7stud2
(7stud --)
28 August 2012 20:19
1
I'm very new to using ruby, and I can't seem to figure something out
(that is probably quite basic). Any help is much appreciated!
When using nokogiri and open-uri in Ruby, I define a variable containing
a partial url (INITIAL_URL =
"https://zoek.officielebekendmakingen.nl/zoeken/resultaat/?zkt=Uitgebreid&pst=ParlementaireDocumenten ")
so as to be able to add onto the url for continuous use (I have added
the full code below).
However, I keep running into an error. "syntax error, unexpected tLABEL"
+ "unknown regexp options - zk" + "syntax error, unexpected '?'
How can I fix this?..
Here's the full code:
irb
require ‘Nokogiri’
require ‘open-uri’
def get_search_result_links(n_page)
links = n_page.css('.linker-kolom li a')
puts "** There were #{links.length} links found"
links.each do |link|
href = link['href']
inner_url = 'https://zoek.officielebekendmakingen.nl ' + href
puts "\n\n\nFetching page at #{File.basename(inner_url).split('?')[0]}"

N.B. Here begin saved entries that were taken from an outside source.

(* Let $G$ be a finite group and $H\subset G$ a subgroup. Let $\xi$ be a pure state of a system carrying a projective unitary representation $U$ of $G$, which is a uniform state with symmetry $H$, i.e. $\chi_\xi(g)=1$ for $g\in H$ and $\chi_\xi(g)=0$ for $g\notin H$. Let $|\phi\rangle$ be any pure state of a system carrying a projective unitary representation $U'$ of $G$ with $H\subset\mathrm{Sym}_G(\phi)$. Then for every positive integer $M$ there exists a CPTP map $\Lambda$, covariant w.r.t. $U$ and $U'^{\otimes M}$, with $\Lambda(\xi)=\phi^{\otimes M}$.
   Context: $\chi_\xi(g)=\langle\xi|U(g)|\xi\rangle$; $\mathrm{Sym}_G(\phi)=\{g: U'(g)\phi U'(g)^\dagger=\phi\}$ with $\phi=|\phi\rangle\langle\phi|$. A projective unitary representation satisfies $U(g)U(g')=e^{i\omega(g,g')}U(gg')$. A CPTP map $\Lambda$ is covariant w.r.t. input representation $U$ and output representation $V$ if $V(g)\Lambda(X)V(g)^\dagger=\Lambda(U(g)XU(g)^\dagger)$ for all $g\in G$. *)

(* Hilbert spaces are C^d with C an arbitrary numClosedFieldType
   (e.g. algC or R[i] for a real closed field R). *)
From HB Require Import structures.
From mathcomp Require Import all_boot all_order all_algebra all_fingroup.
From mathcomp Require Import mxtens.
Set Implicit Arguments. Unset Strict Implicit. Unset Printing Implicit Defensive.
Import Order.TTheory GRing.Theory Num.Theory.
Local Open Scope ring_scope.

Section QDefs.
Variable C : numClosedFieldType.

Definition adj {m n} (A : 'M[C]_(m, n)) : 'M[C]_(n, m) := (map_mx Num.conj A)^T.

(* pure states: unit vectors, and their density matrices |x><x| *)
Definition unit_vec {d} (x : 'cV[C]_d) : Prop := adj x *m x = 1.
Definition proj {d} (x : 'cV[C]_d) : 'M[C]_d := x *m adj x.

Definition unitary {d} (A : 'M[C]_d) : Prop := adj A *m A = 1%:M /\ A *m adj A = 1%:M.

Definition proj_unitary_rep {gT : finGroupType} (G : {group gT}) {d}
    (U : gT -> 'M[C]_d) : Prop :=
  (forall g, g \in G -> unitary (U g)) /\
  (forall g g', g \in G -> g' \in G ->
     exists c : C, `|c| = 1 /\ U g *m U g' = c *: U (g * g')%g).

Definition chi {gT : finGroupType} {d} (U : gT -> 'M[C]_d) (xi : 'cV[C]_d) (g : gT) : C :=
  (adj xi *m U g *m xi) 0 0.

Definition SymG {gT : finGroupType} (G : {group gT}) {d} (U : gT -> 'M[C]_d)
    (phi : 'cV[C]_d) : {set gT} :=
  [set g in G | U g *m proj phi *m adj (U g) == proj phi].

Fixpoint pdim (d M : nat) : nat := if M is M'.+1 then (d * pdim d M')%N else 1%N.
Fixpoint tenspow {m n} (M : nat) (A : 'M[C]_(m, n)) : 'M[C]_(pdim m M, pdim n M) :=
  if M is M'.+1 then A *t tenspow M' A else 1%:M.

(* positive semidefiniteness of a block matrix on C^k (x) C^m given by its
   k x k blocks B i j (each m x m): <v|B|v> >= 0 for every vector v *)
Definition psd_blocks {k m} (B : 'I_k -> 'I_k -> 'M[C]_m) : Prop :=
  forall v : 'I_k -> 'cV[C]_m,
    0 <= \sum_(i < k) \sum_(j < k) (adj (v i) *m B i j *m v j) 0 0.

Definition linear_map {m n} (L : 'M[C]_m -> 'M[C]_n) : Prop :=
  forall (a : C) (X Y : 'M[C]_m), L (a *: X + Y) = a *: L X + L Y.

(* complete positivity: id_k (x) L is positive for every ancilla dimension k *)
Definition completely_positive {m n} (L : 'M[C]_m -> 'M[C]_n) : Prop :=
  forall (k : nat) (B : 'I_k -> 'I_k -> 'M[C]_m),
    psd_blocks B -> psd_blocks (fun i j => L (B i j)).

Definition trace_preserving {m n} (L : 'M[C]_m -> 'M[C]_n) : Prop :=
  forall X, \tr (L X) = \tr X.

Definition CPTP {m n} (L : 'M[C]_m -> 'M[C]_n) : Prop :=
  [/\ linear_map L, completely_positive L & trace_preserving L].

Definition covariant {gT : finGroupType} (G : {group gT}) {m n}
    (U : gT -> 'M[C]_m) (V : gT -> 'M[C]_n) (L : 'M[C]_m -> 'M[C]_n) : Prop :=
  forall g, g \in G -> forall X,
    V g *m L X *m adj (V g) = L (U g *m X *m adj (U g)).

End QDefs.

From HB Require Import structures.
From mathcomp Require Import all_boot all_order all_algebra all_fingroup.
From mathcomp Require Import mxtens.
Import Order.TTheory GRing.Theory Num.Theory.
Local Open Scope ring_scope.
Set Implicit Arguments. Unset Strict Implicit. Unset Printing Implicit Defensive.

(* Since [chi U xi] is the indicator of [H], the orbit vectors [U g xi] agree up to
   a phase along each left coset [g H] and are orthogonal across cosets, so
   [P = |H|^-1 sum_g |U g xi><U g xi|] is an orthogonal projection.  Measure the
   input along this family and, on outcome [g], prepare [U'(g)^(x)M phi^(x)M]; on
   the complement [1 - P] prepare the maximally mixed state.  Such a
   measure-and-prepare map is CPTP; it is covariant because [G] permutes the
   outcomes together with the prepared states; and on [xi] only outcomes in [H]
   occur, each preparing [phi^(x)M] because [H] stabilizes [phi]. *)

Section MatrixFacts.
Variable C : numClosedFieldType.

Lemma adjE m n (A : 'M[C]_(m, n)) i j : adj A i j = (A j i)^*.
Proof. by rewrite !mxE. Qed.

Lemma adjK m n (A : 'M[C]_(m, n)) : adj (adj A) = A.
Proof. by apply/matrixP=> i j; rewrite !adjE conjCK. Qed.

Lemma adjB m n (A B : 'M[C]_(m, n)) : adj (A - B) = adj A - adj B.
Proof. by rewrite /adj map_mxB linearB. Qed.

Lemma adjZ m n c (A : 'M[C]_(m, n)) : adj (c *: A) = c^* *: adj A.
Proof. by rewrite /adj map_mxZ linearZ. Qed.

Lemma adj1 n : adj (1%:M : 'M[C]_n) = 1%:M.
Proof. by rewrite /adj map_mx1 trmx1. Qed.

Lemma adjM m n p (A : 'M[C]_(m, n)) (B : 'M[C]_(n, p)) :
  adj (A *m B) = adj B *m adj A.
Proof. by rewrite /adj map_mxM trmx_mul. Qed.

Lemma adj_sum (I : finType) (P : pred I) m n (F : I -> 'M[C]_(m, n)) :
  adj (\sum_(i | P i) F i) = \sum_(i | P i) adj (F i).
Proof. by rewrite /adj raddf_sum linear_sum. Qed.

Lemma adj_tens m n p q (A : 'M[C]_(m, n)) (B : 'M[C]_(p, q)) :
  adj (A *t B) = adj A *t adj B.
Proof. by rewrite /adj map_mxT trmx_tens. Qed.

Lemma tensmx11 m n : (1%:M : 'M[C]_m) *t (1%:M : 'M[C]_n) = 1%:M.
Proof.
apply/matrixP=> i j.
case: (mxtens_indexP i)=> i0 i1; case: (mxtens_indexP j)=> j0 j1.
rewrite tensmxE !mxE (can_eq (@mxtens_indexK m n)) xpair_eqE.
by case: (i0 == j0); case: (i1 == j1); rewrite ?mulr1 ?mulr0.
Qed.

Lemma tensmxZl m n p q c (A : 'M[C]_(m, n)) (B : 'M[C]_(p, q)) :
  (c *: A) *t B = c *: (A *t B).
Proof. by apply/matrixP=> i j; rewrite !mxE mulrA. Qed.

Lemma tensmxZr m n p q c (A : 'M[C]_(m, n)) (B : 'M[C]_(p, q)) :
  A *t (c *: B) = c *: (A *t B).
Proof. by apply/matrixP=> i j; rewrite !mxE mulrCA. Qed.

Lemma mxtrace_tens m n (A : 'M[C]_m) (B : 'M[C]_n) : \tr (A *t B) = \tr A * \tr B.
Proof. by rewrite /mxtrace mulr_sum; apply: eq_bigr => k _; rewrite mxE. Qed.

Lemma tenspowM M m n p (A : 'M[C]_(m, n)) (B : 'M[C]_(n, p)) :
  tenspow M (A *m B) = tenspow M A *m tenspow M B.
Proof. by elim: M => [|M IH] /=; rewrite ?mul1mx // IH tensmx_mul. Qed.

Lemma tenspowZ M m n c (A : 'M[C]_(m, n)) :
  tenspow M (c *: A) = c ^+ M *: tenspow M A.
Proof.
elim: M => [|M IH] /=; first by rewrite scale1r.
by rewrite IH tensmxZl tensmxZr scalerA exprS.
Qed.

Lemma tenspow1 M n : tenspow M (1%:M : 'M[C]_n) = 1%:M.
Proof. by elim: M => [|M IH] //=; rewrite IH tensmx11. Qed.

Lemma adj_tenspow M m n (A : 'M[C]_(m, n)) : adj (tenspow M A) = tenspow M (adj A).
Proof. by elim: M => [|M IH] /=; rewrite ?adj1 // adj_tens IH. Qed.

Lemma mxtrace_tenspow M n (A : 'M[C]_n) : \tr (tenspow M A) = \tr A ^+ M.
Proof. by elim: M => [|M IH] /=; rewrite ?mxtrace1 // mxtrace_tens IH exprS. Qed.

Lemma mxtrace1_dim_gt0 n (A : 'M[C]_n) : \tr A = 1 -> (0 < n)%N.
Proof.
by case: n A => // A; rewrite /mxtrace big_ord0 => /eqP; rewrite eq_sym oner_eq0.
Qed.

Definition qform n (a : 'cV[C]_n) (X : 'M[C]_n) : C := (adj a *m X *m a) 0 0.

Lemma qform_linear n (a : 'cV[C]_n) b X Y :
  qform a (b *: X + Y) = b * qform a X + qform a Y.
Proof. by rewrite /qform mulmxDr mulmxDl -scalemxAr -scalemxAl !mxE. Qed.

Lemma qform_phase n (a : 'cV[C]_n) c X : `|c| = 1 -> qform (c *: a) X = qform a X.
Proof.
move=> c1; rewrite /qform adjZ -!scalemxAl -scalemxAr !mxE mulrA.
by rewrite -normCKC c1 expr1n mul1r.
Qed.

Lemma qform_conj m n (A : 'M[C]_(m, n)) a X :
  qform a (A *m X *m adj A) = qform (adj A *m a) X.
Proof. by rewrite /qform adjM adjK !mulmxA. Qed.

Lemma qform_proj n (a b : 'cV[C]_n) : qform a (proj b) = `|(adj b *m a) 0 0| ^+ 2.
Proof.
rewrite /qform /proj mulmxA -(mulmxA (adj a *m b)) mxE big_ord1 normCKC.
by rewrite -[adj a *m b]adjK adjM adjK adjE.
Qed.

Lemma mxtrace_proj_mul n (a : 'cV[C]_n) X : \tr (proj a *m X) = qform a X.
Proof. by rewrite /proj -mulmxA mxtrace_mulC trace_mx11. Qed.

Lemma mxtrace_mul_adj m n (B : 'M[C]_(m, n)) X :
  \tr (B *m adj B *m X) = \sum_(r < n) qform (col r B) X.
Proof.
rewrite -mulmxA mxtrace_mulC /mxtrace /qform; apply: eq_bigr => r _.
have -> : adj (col r B) = row r (adj B) by apply/matrixP=> i j; rewrite !mxE.
by rewrite -row_mul !mxE; apply: eq_bigr => j _; rewrite !mxE.
Qed.

Lemma adj_mul_self_eq0 n (w : 'cV[C]_n) : adj w *m w = 0 -> w = 0.
Proof.
move=> /matrixP/(_ 0 0); rewrite !mxE.
under eq_bigr do rewrite adjE -normCKC.
move=> /psumr_eq0P w0; apply/matrixP=> i j; rewrite [j]ord1 mxE.
by apply/eqP; rewrite -normr_eq0 -sqrf_eq0 w0 // => k _; apply: exprn_ge0.
Qed.

Lemma unit_vec_dot1 n (a b : 'cV[C]_n) :
  unit_vec a -> unit_vec b -> adj a *m b = 1 -> b = a.
Proof.
move=> ua ub ab; have ba : adj b *m a = 1 by rewrite -[a]adjK -adjM ab adj1.
apply/eqP; rewrite -subr_eq0; apply/eqP/adj_mul_self_eq0.
by rewrite adjB mulmxBl !mulmxBr ua ub ab ba !subrr.
Qed.

Lemma unit_vec_unitary n (A : 'M[C]_n) a : unitary A -> unit_vec a -> unit_vec (A *m a).
Proof. by move=> [AA _] ua; rewrite /unit_vec adjM -mulmxA (mulmxA (adj A)) AA mul1mx. Qed.

Lemma proj_idem n (a : 'cV[C]_n) : unit_vec a -> proj a *m proj a = proj a.
Proof. by move=> ua; rewrite /proj mulmxA -(mulmxA a) ua mulmx1. Qed.

Lemma proj_mul m n (A : 'M[C]_(m, n)) a : proj (A *m a) = A *m proj a *m adj A.
Proof. by rewrite /proj adjM !mulmxA. Qed.

Lemma conj_phase m n c (A : 'M[C]_(m, n)) X :
  `|c| = 1 -> (c *: A) *m X *m adj (c *: A) = A *m X *m adj A.
Proof.
move=> c1; rewrite adjZ -!scalemxAl -scalemxAr scalerA -normCK c1 expr1n.
by rewrite scale1r.
Qed.

Lemma mxtrace_proj n (a : 'cV[C]_n) : unit_vec a -> \tr (proj a) = 1.
Proof. by move=> ua; rewrite mxtrace_mulC ua mxtrace1. Qed.

Lemma eq_completely_positive m n (L L' : 'M[C]_m -> 'M[C]_n) :
  L =1 L' -> completely_positive L' -> completely_positive L.
Proof.
move=> LL' cpL' k B psdB v; have := cpL' k B psdB v.
by under eq_bigr do under eq_bigr do rewrite -LL'.
Qed.

Lemma completely_positiveD m n (L1 L2 : 'M[C]_m -> 'M[C]_n) :
  completely_positive L1 -> completely_positive L2 ->
  completely_positive (fun X => L1 X + L2 X).
Proof.
move=> cp1 cp2 k B psdB v.
under eq_bigr do under eq_bigr do rewrite mulmxDr mulmxDl mxE.
under eq_bigr do rewrite big_split /=.
by rewrite big_split addr_ge0 //; [apply: cp1 | apply: cp2].
Qed.

Lemma completely_positiveZ m n c (L : 'M[C]_m -> 'M[C]_n) :
  0 <= c -> completely_positive L -> completely_positive (fun X => c *: L X).
Proof.
move=> c_ge0 cpL k B psdB v.
under eq_bigr do under eq_bigr do rewrite -scalemxAr -scalemxAl mxE.
under eq_bigr do rewrite -mulr_sumr.
by rewrite -mulr_sumr mulr_ge0 //; apply: cpL.
Qed.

datalezer = open(inner_url).read
lokalenieuwefilenaam = href + “.html”
lokalenieuwefile = open(lokalenieuwefilenaam, “w”)

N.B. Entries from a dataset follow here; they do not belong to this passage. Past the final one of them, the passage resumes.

(* Let $M\cong\prec a_1,\ldots,a_m\succ$ and $N\cong\prec b_1,\ldots,b_n\succ$ be integral lattices relative to good BONGs with $m\ge n$, and let $j\in[1,\min\{m-1,n\}]^E$. If $R_j=-2e$ and $R_{j+1}=0$, then $d[a_{1,j}b_{1,j}]\ge A_j$.
   Context: $F$ dyadic local field, $\mathcal O_F$, valuation $\operatorname{ord}$, $e=\operatorname{ord}(2)$, $d(c)=\operatorname{ord}(c^{-1}\mathfrak d(c))$ with quadratic defect $\mathfrak d(c)=\bigcap_{x\in F}(c-x^2)\mathcal O_F$. Integral: $Q(M)\subseteq\mathcal O_F$. BONGs: $x_1,\ldots,x_m\in FM$ is a BONG of $M$ if $x_1\in M$ with $Q(x_1)\mathcal O_F=\mathfrak nM$ and $x_2,\ldots,x_m$ is a BONG of the projection of $M$ onto $(Fx_1)^\perp$; good if $\operatorname{ord}Q(x_i)\le\operatorname{ord}Q(x_{i+2})$; $M\cong\prec a_1,\ldots,a_m\succ$ means $Q(x_i)=a_i$. $R_i=\operatorname{ord}(a_i)$, $S_i=\operatorname{ord}(b_i)$. $a_{i,j}=a_i\cdots a_j$, $a_{i,i-1}=1$, similarly $b_{i,j}$. $[h,k]^E$ is the set of even integers in $[h,k]$. For $1\le i\le m-1$, $\alpha_i=\min\{T_0,\ldots,T_{m-1}\}$ with $T_0=(R_{i+1}-R_i)/2+e$, $T_j=R_{i+1}-R_j+d(-a_ja_{j+1})$ ($1\le j\le i$), $T_j=R_{j+1}-R_i+d(-a_ja_{j+1})$ ($i\le j\le m-1$); $\beta_i$ is defined likewise from $N$. For $c\in F^\times$, $0\le i\le m$, $0\le j\le n$: $d[ca_{1,i}b_{1,j}]=\min\{d(ca_{1,i}b_{1,j}),\alpha_i,\beta_j\}$, where $\alpha_i$ is omitted if $i\in\{0,m\}$ and $\beta_j$ omitted if $j\in\{0,n\}$. For $1\le i\le\min\{m-1,n\}$, $A_i=\min\{(R_{i+1}-S_i)/2+e,\ R_{i+1}-S_i+d[-a_{1,i+1}b_{1,i-1}],\ R_{i+1}+R_{i+2}-S_{i-1}-S_i+d[a_{1,i+2}b_{1,i-2}]\}$, the third term omitted if $i=1$ or $i=m-1$. *)

From HB Require Import structures.
From mathcomp Require Import all_boot all_order all_algebra.
From Stdlib Require Import ClassicalEpsilon.
Set Implicit Arguments.
Unset Strict Implicit.
Unset Printing Implicit Defensive.
Import Order.TTheory GRing.Theory Num.Theory.
Local Open Scope ring_scope.

(* Extended rationals Q ∪ {+oo} (values of d, alpha, A, ... ; T_0 may be a
   half-integer, d(c) may be +oo). *)
Inductive xr := XFin of rat | XInf.

Definition xle (x y : xr) : bool :=
  match x, y with
  | _, XInf => true
  | XInf, XFin _ => false
  | XFin p, XFin q => p <= q
  end.
Definition xmin (x y : xr) : xr := if xle x y then x else y.
Definition xadd (q : rat) (x : xr) : xr :=
  match x with XFin p => XFin (q + p) | XInf => XInf end.
Definition xsup (S : xr -> Prop) : xr :=
  epsilon (inhabits XInf)
    (fun u => (forall x, S x -> xle x u) /\
              (forall v, (forall x, S x -> xle x v) -> xle u v)).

lokalenieuwefile.write(datalezer)
lokalenieuwefile.close
end
end
INITIAL_URL =
'https://zoek.officielebekendmakingen.nl/zoeken/resultaat/?zkt=Uitgebreid&pst=ParlementaireDocumenten '
initial_page = Nokogiri::HTML(open(INITIAL_URL))
pagination_links = initial_page.css('.paginering.beneden a')

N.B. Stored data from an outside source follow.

(* Let $G$ be a compact Lie group with Lie algebra $\mathfrak g$ and bi-invariant metric $h_0$, and let $h$ be a left-invariant metric on $G$ with nonnegative sectional curvature. Then the unique inverse-linear path from $h_0$ to $h$ is infinitesimally nonnegative.
   Context: Write $\langle Z_1,Z_2\rangle=h_0(Z_1,Z_2)$ and $|Z|^2=\langle Z,Z\rangle$ for $Z_1,Z_2,Z\in\mathfrak g$. Every left-invariant metric $h$ on $G$ is determined by its restriction to $\mathfrak g$, and there is a unique $h_0$-self-adjoint positive definite endomorphism $\Phi\colon\mathfrak g\to\mathfrak g$ (the matrix of $h$) with $h(X,Y)=\langle \Phi X,Y\rangle$ for $X,Y\in\mathfrak g$. An inverse-linear path is a family $\Phi_t=(I-t\Psi)^{-1}$, where $\Psi\colon\mathfrak g\to\mathfrak g$ is $h_0$-self-adjoint; $h_t$ denotes the left-invariant metric with matrix $\Phi_t$, defined for $t$ in the open interval containing $0$ on which $I-t\Psi$ is positive definite. The unique inverse-linear path from $h_0$ to $h$ is the one with $\Phi_1=\Phi$, i.e. $\Psi=I-\Phi^{-1}$. For a left-invariant metric $h$ and $Z_1,Z_2\in\mathfrak g$, the unnormalized sectional curvature $k_h(Z_1,Z_2)=h(R_h(Z_1,Z_2)Z_2,Z_1)$ (not divided by $|Z_1\wedge Z_2|^2$); for $h_0$ it equals $\tfrac14|[Z_1,Z_2]|^2$. For fixed $X,Y\in\mathfrak g$, define $\kappa^\Psi(t)=k_{h_t}(\Phi_t^{-1}X,\Phi_t^{-1}Y)$ on the domain of $h_t$. The path (or $\Psi$) is infinitesimally nonnegative if for every $X,Y\in\mathfrak g$ there is $\varepsilon>0$ such that the associated function satisfies $\kappa^\Psi(t)\ge 0$ for all $t\in[0,\varepsilon)$. *)

From HB Require Import structures.
From mathcomp Require Import all_boot all_order all_algebra.
From mathcomp Require Import reals.
Set Implicit Arguments. Unset Strict Implicit. Unset Printing Implicit Defensive.
Import Order.TTheory GRing.Theory Num.Theory.
Local Open Scope ring_scope.

Section LieDefs.
Variables (R : realType) (n : nat).

(* The Lie algebra g is identified with column vectors 'cV[R]_n via an
   h_0-orthonormal basis, so h_0 is the standard inner product. *)
Definition ip (u v : 'cV[R]_n) : R := (u^T *m v) 0 0.

Definition is_lie_bracket (br : 'cV[R]_n -> 'cV[R]_n -> 'cV[R]_n) : Prop :=
  (forall a x y z, br (a *: x + y) z = a *: br x z + br y z) /\
  (forall a x y z, br x (a *: y + z) = a *: br x y + br x z) /\
  (forall x, br x x = 0) /\
  (forall x y z, br x (br y z) + br y (br z x) + br z (br x y) = 0).

(* h_0 is ad-invariant (infinitesimal version of bi-invariance) *)
Definition ad_invariant (br : 'cV[R]_n -> 'cV[R]_n -> 'cV[R]_n) : Prop :=
  forall x y z, ip (br x y) z + ip y (br x z) = 0.

Definition self_adjoint (M : 'M[R]_n) : Prop := M^T = M.
Definition pos_def (M : 'M[R]_n) : Prop :=
  self_adjoint M /\ forall x : 'cV[R]_n, x != 0 -> 0 < ip x (M *m x).

Definition adm (br : 'cV[R]_n -> 'cV[R]_n -> 'cV[R]_n) (y : 'cV[R]_n) : 'M[R]_n :=
  \matrix_(i, j) (br y (delta_mx j 0)) i 0.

last_page_link = pagination_links[-2]
last_page_number = last_page_link.text.to_i
(5..last_page_number).each do |page_num|
puts "\n\n\n***** Getting page #{page_num}"
results_page_url = "#{INITIAL_URL}&_page=#{page_num}"
results_page = Nokogiri::HTML(open(results_page_url))
get_search_result_links(results_page)
end
···
--
Posted via http://www.ruby-forum.com/ .
abinoam
(Abinoam Praxedes Marques Jr.)
29 August 2012 00:59
2
(In my setup) the line...
pagination_links = initial_page.css('.paginering.beneden a')
returns an empty Nokogiri::XML::NodeSet =>
What part of your html are you trying to select?
Something googled... Parsing HTML with Nokogiri | The Bastards Book of Ruby
Abinoam Jr.
···
On Tue, Aug 28, 2012 at 4:19 PM, Sybren Kooistra <lists@ruby-forum.com> wrote:
I'm very new to using ruby, and I can't seem to figure something out
(that is probably quite basic). Any help is much appreciated!
When using nokogiri and open-uri in Ruby, I define a variable containing
a partial url (INITIAL_URL =
"https://zoek.officielebekendmakingen.nl/zoeken/resultaat/?zkt=Uitgebreid&pst=ParlementaireDocumenten"\ )
so as to be able to add onto the url for continuous use (I have added
the full code below).
However, I keep running into an error. "syntax error, unexpected tLABEL"
+ "unknown regexp options - zk" + "syntax error, unexpected '?'
How can I fix this?..
Here's the full code:
irb
require ‘Nokogiri’
require ‘open-uri’
def get_search_result_links(n_page)
links = n_page.css('.linker-kolom li a')
puts "** There were #{links.length} links found"
links.each do |link|
href = link['href']
inner_url = 'https://zoek.officielebekendmakingen.nl ' + href
puts "\n\n\nFetching page at #{File.basename(inner_url).split('?')[0]}"
datalezer = open(inner_url).read
lokalenieuwefilenaam = href + “.html”
lokalenieuwefile = open(lokalenieuwefilenaam, “w”)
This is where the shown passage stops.